**Work request**. Only a number is wanted: how many lines in the records below contain "andbT"?

▬▬▬▬▬▬

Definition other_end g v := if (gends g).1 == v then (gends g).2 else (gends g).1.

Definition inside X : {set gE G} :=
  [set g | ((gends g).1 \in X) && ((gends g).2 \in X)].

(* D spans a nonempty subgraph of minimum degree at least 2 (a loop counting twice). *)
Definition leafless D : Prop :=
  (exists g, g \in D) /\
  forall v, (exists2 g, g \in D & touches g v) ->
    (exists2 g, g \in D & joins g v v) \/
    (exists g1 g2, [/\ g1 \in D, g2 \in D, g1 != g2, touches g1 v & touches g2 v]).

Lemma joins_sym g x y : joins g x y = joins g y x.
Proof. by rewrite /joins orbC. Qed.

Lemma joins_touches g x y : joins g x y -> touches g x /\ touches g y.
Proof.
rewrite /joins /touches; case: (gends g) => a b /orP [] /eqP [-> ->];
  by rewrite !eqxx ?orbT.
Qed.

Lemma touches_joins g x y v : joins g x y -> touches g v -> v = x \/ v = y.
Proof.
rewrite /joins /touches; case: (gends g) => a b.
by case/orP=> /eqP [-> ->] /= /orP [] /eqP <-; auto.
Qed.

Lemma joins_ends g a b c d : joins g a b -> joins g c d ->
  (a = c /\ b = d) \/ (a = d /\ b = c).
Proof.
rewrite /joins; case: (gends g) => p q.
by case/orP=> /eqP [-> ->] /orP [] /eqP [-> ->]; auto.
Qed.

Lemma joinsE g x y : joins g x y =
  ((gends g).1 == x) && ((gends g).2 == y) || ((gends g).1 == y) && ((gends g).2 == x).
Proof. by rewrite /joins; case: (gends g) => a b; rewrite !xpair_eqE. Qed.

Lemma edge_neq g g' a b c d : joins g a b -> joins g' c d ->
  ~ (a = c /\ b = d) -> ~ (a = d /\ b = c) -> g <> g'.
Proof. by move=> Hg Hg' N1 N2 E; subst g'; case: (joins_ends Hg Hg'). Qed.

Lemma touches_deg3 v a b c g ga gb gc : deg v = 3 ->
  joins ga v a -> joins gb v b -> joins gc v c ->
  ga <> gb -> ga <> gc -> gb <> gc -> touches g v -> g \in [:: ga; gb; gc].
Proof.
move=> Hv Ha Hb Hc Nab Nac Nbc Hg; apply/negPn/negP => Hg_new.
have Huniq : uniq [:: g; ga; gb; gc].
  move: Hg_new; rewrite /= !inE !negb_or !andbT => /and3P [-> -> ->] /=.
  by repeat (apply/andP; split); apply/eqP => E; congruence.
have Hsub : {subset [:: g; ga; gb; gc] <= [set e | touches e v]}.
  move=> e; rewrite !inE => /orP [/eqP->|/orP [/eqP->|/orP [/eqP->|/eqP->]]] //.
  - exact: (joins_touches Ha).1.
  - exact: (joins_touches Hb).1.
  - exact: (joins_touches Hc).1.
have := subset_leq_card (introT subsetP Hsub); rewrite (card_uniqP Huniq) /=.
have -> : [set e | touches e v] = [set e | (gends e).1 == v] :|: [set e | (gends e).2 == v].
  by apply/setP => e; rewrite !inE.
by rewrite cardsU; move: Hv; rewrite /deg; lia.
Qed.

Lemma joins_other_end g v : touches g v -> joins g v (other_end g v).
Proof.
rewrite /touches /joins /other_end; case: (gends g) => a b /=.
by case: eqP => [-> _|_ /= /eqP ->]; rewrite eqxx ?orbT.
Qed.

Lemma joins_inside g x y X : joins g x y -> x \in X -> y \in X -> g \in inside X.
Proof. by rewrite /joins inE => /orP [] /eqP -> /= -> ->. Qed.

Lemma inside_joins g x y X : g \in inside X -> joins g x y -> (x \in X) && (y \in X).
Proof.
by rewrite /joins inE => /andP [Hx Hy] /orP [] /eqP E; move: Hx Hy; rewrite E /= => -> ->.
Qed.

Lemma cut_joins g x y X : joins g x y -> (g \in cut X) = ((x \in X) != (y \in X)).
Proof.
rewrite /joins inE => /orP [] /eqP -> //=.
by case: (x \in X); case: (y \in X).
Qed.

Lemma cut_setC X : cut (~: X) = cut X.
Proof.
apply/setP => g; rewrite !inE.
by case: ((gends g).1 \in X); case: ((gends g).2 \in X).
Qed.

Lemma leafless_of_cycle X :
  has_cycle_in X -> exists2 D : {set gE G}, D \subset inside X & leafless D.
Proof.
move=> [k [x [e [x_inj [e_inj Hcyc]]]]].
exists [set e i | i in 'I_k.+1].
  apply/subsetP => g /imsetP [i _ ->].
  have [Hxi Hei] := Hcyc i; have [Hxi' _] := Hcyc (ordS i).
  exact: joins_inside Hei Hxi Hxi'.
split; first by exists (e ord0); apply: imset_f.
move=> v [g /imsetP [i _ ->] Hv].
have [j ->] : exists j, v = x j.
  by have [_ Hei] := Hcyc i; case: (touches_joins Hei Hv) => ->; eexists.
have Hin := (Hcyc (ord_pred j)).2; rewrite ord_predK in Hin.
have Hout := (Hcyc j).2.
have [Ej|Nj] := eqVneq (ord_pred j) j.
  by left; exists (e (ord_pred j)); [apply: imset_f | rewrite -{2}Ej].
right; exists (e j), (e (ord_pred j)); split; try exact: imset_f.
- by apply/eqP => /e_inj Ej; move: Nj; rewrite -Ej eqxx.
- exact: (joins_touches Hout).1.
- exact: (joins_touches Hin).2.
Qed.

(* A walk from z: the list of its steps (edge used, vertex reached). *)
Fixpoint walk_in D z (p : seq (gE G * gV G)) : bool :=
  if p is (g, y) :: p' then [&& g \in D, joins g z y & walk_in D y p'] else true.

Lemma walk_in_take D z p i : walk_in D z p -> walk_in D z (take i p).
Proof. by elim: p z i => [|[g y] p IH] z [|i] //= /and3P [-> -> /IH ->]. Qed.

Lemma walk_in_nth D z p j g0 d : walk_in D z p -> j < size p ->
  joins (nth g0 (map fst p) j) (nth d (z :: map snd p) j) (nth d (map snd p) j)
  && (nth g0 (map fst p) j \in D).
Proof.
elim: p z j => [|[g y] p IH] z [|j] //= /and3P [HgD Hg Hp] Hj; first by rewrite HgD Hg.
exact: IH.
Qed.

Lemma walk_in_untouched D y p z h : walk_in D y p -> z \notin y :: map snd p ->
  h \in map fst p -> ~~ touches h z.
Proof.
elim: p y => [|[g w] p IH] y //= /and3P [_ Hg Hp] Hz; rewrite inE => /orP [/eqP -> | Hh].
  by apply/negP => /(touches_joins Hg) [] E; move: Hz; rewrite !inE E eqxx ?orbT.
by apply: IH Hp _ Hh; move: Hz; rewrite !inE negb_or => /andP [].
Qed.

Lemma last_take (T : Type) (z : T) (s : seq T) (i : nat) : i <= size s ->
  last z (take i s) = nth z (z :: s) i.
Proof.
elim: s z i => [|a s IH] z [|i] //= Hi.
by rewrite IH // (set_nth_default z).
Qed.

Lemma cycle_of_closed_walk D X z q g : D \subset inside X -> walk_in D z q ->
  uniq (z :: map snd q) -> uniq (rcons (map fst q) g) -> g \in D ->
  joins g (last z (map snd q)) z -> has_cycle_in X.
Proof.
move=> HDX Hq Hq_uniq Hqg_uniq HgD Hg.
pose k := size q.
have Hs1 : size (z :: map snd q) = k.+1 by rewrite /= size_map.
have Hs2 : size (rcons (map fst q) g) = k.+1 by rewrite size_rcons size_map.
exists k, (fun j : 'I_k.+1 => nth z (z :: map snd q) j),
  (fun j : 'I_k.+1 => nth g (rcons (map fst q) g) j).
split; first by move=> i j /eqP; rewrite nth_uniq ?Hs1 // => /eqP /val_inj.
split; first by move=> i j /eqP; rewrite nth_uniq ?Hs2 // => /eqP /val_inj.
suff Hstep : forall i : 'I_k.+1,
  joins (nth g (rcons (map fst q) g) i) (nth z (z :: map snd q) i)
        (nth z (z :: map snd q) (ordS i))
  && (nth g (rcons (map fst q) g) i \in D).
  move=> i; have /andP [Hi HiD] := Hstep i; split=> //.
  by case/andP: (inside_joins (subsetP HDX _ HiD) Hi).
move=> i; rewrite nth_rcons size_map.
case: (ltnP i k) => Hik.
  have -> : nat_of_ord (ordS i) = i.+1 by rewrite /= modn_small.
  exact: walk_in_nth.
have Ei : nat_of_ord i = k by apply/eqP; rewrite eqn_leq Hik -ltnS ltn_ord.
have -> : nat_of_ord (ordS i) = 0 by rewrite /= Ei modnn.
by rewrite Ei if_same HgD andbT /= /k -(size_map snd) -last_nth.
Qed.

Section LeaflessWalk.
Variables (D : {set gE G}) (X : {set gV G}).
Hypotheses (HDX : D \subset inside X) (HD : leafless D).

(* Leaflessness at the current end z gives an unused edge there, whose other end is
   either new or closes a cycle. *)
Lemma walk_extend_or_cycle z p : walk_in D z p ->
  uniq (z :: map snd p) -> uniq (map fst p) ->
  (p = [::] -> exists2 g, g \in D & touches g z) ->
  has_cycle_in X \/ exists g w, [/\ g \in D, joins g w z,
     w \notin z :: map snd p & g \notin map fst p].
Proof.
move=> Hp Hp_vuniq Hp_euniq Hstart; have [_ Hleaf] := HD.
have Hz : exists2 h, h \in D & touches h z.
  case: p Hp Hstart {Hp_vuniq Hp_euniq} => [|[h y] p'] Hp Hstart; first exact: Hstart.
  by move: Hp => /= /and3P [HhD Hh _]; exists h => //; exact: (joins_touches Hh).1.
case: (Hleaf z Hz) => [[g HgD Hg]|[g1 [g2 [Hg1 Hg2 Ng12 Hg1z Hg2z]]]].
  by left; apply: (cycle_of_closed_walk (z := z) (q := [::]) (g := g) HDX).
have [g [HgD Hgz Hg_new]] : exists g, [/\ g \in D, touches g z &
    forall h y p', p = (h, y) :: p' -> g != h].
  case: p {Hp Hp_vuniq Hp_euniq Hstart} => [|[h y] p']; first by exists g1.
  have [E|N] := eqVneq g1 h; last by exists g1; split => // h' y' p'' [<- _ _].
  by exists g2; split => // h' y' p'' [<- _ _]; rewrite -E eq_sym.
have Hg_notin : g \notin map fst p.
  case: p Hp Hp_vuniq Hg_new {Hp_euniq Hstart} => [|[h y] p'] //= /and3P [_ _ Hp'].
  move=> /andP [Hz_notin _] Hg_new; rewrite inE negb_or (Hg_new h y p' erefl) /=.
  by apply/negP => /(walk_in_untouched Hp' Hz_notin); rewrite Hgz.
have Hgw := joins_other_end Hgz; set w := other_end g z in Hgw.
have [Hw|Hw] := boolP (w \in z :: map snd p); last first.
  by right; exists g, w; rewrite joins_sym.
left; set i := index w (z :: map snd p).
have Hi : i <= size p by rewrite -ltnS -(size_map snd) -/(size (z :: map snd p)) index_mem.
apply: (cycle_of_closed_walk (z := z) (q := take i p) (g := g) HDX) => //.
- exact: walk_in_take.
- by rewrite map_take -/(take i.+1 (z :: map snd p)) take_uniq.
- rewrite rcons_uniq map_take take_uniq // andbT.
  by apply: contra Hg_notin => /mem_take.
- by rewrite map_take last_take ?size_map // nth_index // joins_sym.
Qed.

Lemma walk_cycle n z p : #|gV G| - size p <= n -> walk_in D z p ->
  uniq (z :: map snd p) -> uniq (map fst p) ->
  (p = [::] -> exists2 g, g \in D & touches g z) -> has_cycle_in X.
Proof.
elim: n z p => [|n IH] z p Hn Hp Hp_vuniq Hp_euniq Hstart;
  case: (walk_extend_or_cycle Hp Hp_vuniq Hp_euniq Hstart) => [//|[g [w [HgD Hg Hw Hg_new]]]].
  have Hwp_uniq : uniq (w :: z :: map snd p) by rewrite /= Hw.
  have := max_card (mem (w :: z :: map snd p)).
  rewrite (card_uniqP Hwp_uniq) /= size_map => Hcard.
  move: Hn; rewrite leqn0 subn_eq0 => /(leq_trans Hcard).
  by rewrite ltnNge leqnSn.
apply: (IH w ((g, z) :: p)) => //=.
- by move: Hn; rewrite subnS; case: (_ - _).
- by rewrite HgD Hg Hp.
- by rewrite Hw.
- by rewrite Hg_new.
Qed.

▬▬▬▬▬▬

**Finished exercise**. 3